ABOUT THIS TASK:
Only these lines of the data below are wanted: the one with "(forall k : nat, (k < n1)%nat ->", the one with "intros HRb Horbit Hx1 Hstay.", and any lines between them, each repeated exactly.

EXCERPTED DATA:

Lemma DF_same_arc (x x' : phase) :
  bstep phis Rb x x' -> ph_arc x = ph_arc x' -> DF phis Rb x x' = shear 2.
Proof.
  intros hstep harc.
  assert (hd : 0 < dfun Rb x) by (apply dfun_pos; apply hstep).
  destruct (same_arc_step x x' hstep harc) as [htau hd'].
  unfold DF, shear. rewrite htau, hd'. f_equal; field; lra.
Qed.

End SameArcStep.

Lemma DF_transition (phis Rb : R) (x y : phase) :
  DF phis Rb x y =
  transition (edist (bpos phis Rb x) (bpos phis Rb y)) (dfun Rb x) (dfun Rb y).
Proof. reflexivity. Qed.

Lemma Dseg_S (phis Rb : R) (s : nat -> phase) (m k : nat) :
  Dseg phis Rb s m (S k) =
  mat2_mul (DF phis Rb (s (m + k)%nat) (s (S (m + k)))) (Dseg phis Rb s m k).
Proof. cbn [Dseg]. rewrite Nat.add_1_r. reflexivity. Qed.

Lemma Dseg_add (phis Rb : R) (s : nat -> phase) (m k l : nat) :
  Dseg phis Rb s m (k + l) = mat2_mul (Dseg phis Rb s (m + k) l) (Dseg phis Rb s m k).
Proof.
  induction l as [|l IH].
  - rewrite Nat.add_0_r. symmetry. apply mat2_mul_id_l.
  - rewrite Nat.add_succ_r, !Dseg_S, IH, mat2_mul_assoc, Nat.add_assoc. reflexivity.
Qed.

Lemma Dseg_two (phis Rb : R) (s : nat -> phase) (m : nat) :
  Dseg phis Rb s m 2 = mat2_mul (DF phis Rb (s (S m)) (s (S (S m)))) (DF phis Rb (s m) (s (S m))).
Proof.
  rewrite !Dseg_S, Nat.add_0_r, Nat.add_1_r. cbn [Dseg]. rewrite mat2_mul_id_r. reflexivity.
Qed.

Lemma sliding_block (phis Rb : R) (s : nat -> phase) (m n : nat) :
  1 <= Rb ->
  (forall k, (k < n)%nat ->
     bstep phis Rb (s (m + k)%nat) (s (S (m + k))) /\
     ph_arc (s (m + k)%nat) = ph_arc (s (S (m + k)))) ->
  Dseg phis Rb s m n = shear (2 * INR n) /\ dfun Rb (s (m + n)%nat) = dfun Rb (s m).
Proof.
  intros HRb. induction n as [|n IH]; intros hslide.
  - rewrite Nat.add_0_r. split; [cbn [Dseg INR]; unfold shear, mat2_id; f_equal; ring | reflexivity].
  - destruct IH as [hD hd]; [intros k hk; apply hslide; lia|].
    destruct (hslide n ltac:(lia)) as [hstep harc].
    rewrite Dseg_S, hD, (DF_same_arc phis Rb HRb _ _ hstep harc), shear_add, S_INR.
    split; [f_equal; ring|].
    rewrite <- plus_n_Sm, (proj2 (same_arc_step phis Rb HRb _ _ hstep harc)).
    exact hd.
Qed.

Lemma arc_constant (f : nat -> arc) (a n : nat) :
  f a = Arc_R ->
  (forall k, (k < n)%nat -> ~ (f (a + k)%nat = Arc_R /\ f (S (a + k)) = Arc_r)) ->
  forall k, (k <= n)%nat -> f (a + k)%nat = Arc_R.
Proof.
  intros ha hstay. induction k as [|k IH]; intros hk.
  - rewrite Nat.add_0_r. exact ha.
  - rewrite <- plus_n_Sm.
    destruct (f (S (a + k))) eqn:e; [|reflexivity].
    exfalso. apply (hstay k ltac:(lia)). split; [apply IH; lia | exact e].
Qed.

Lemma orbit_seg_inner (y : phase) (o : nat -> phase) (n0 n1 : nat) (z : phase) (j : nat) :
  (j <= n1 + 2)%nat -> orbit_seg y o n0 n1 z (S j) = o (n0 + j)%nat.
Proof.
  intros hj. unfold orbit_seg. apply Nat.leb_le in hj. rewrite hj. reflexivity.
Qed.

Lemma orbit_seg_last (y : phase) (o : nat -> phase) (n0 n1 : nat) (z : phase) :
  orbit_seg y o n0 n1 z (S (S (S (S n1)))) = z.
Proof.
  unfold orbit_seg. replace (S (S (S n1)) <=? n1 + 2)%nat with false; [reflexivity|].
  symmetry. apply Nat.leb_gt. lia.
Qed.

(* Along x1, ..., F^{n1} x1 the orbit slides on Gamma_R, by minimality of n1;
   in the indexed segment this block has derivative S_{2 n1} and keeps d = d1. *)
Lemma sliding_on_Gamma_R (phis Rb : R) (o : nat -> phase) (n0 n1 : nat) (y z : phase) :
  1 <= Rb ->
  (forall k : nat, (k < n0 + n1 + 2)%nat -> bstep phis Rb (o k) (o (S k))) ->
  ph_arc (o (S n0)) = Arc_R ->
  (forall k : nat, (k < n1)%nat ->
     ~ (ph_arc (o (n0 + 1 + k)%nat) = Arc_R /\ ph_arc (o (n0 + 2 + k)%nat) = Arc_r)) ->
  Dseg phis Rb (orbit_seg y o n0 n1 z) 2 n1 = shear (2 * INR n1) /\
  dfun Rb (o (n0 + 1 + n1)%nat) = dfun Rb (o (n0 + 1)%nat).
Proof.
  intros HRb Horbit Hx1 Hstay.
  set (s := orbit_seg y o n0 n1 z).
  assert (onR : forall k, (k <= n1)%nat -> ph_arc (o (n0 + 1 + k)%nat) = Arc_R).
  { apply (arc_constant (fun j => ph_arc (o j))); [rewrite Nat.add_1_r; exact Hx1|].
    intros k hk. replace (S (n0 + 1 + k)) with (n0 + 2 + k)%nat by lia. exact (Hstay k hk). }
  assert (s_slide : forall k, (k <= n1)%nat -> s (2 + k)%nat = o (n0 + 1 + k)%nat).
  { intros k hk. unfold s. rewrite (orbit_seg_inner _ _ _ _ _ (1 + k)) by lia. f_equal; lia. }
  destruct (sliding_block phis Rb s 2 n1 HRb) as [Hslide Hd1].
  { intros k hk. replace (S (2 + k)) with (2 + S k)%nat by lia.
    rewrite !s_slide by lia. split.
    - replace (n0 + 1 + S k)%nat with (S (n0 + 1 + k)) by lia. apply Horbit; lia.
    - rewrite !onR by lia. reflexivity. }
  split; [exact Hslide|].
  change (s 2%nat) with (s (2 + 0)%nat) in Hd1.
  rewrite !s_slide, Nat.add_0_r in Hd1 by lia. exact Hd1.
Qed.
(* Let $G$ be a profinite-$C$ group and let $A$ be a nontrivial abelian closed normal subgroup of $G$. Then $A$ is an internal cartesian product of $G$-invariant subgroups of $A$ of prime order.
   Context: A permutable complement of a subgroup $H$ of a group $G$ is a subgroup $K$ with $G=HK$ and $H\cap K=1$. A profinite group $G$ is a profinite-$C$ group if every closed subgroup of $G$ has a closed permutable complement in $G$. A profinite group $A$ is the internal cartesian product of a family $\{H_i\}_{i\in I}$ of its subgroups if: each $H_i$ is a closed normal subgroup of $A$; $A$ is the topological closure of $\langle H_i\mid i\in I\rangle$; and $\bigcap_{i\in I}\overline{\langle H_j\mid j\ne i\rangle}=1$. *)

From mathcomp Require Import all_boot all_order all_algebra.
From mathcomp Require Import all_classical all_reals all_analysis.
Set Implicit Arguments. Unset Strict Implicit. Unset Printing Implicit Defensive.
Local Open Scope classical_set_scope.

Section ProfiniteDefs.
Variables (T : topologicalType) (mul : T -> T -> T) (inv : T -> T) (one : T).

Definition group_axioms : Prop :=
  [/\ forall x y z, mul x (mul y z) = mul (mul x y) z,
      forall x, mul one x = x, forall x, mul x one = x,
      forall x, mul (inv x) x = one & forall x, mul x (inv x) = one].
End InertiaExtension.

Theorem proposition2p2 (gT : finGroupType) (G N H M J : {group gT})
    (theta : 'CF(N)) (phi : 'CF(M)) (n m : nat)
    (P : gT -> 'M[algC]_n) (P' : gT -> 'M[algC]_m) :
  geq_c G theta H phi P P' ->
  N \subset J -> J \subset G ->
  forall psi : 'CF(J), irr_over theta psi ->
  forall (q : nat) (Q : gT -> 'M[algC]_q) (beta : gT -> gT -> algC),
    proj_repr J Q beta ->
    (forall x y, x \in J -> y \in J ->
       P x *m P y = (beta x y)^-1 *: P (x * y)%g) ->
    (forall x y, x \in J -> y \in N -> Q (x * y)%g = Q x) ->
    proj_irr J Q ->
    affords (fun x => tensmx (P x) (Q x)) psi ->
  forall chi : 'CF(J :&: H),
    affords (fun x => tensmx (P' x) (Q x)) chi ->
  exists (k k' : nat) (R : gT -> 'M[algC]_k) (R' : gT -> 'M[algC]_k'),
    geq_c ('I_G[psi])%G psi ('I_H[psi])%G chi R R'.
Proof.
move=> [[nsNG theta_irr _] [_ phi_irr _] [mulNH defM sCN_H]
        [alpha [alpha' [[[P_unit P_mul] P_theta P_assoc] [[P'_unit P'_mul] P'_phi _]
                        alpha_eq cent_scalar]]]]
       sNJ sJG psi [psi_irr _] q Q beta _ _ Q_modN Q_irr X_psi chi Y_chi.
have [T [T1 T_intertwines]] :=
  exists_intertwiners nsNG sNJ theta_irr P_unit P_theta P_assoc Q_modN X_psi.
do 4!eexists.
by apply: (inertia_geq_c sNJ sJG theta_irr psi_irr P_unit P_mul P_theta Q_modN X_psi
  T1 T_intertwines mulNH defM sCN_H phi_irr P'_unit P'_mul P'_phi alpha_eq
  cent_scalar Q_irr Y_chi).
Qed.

THE COMPLETED TASK:
  (forall k : nat, (k < n1)%nat ->
     ~ (ph_arc (o (n0 + 1 + k)%nat) = Arc_R /\ ph_arc (o (n0 + 2 + k)%nat) = Arc_r)) ->
  Dseg phis Rb (orbit_seg y o n0 n1 z) 2 n1 = shear (2 * INR n1) /\
  dfun Rb (o (n0 + 1 + n1)%nat) = dfun Rb (o (n0 + 1)%nat).
Proof.
  intros HRb Horbit Hx1 Hstay.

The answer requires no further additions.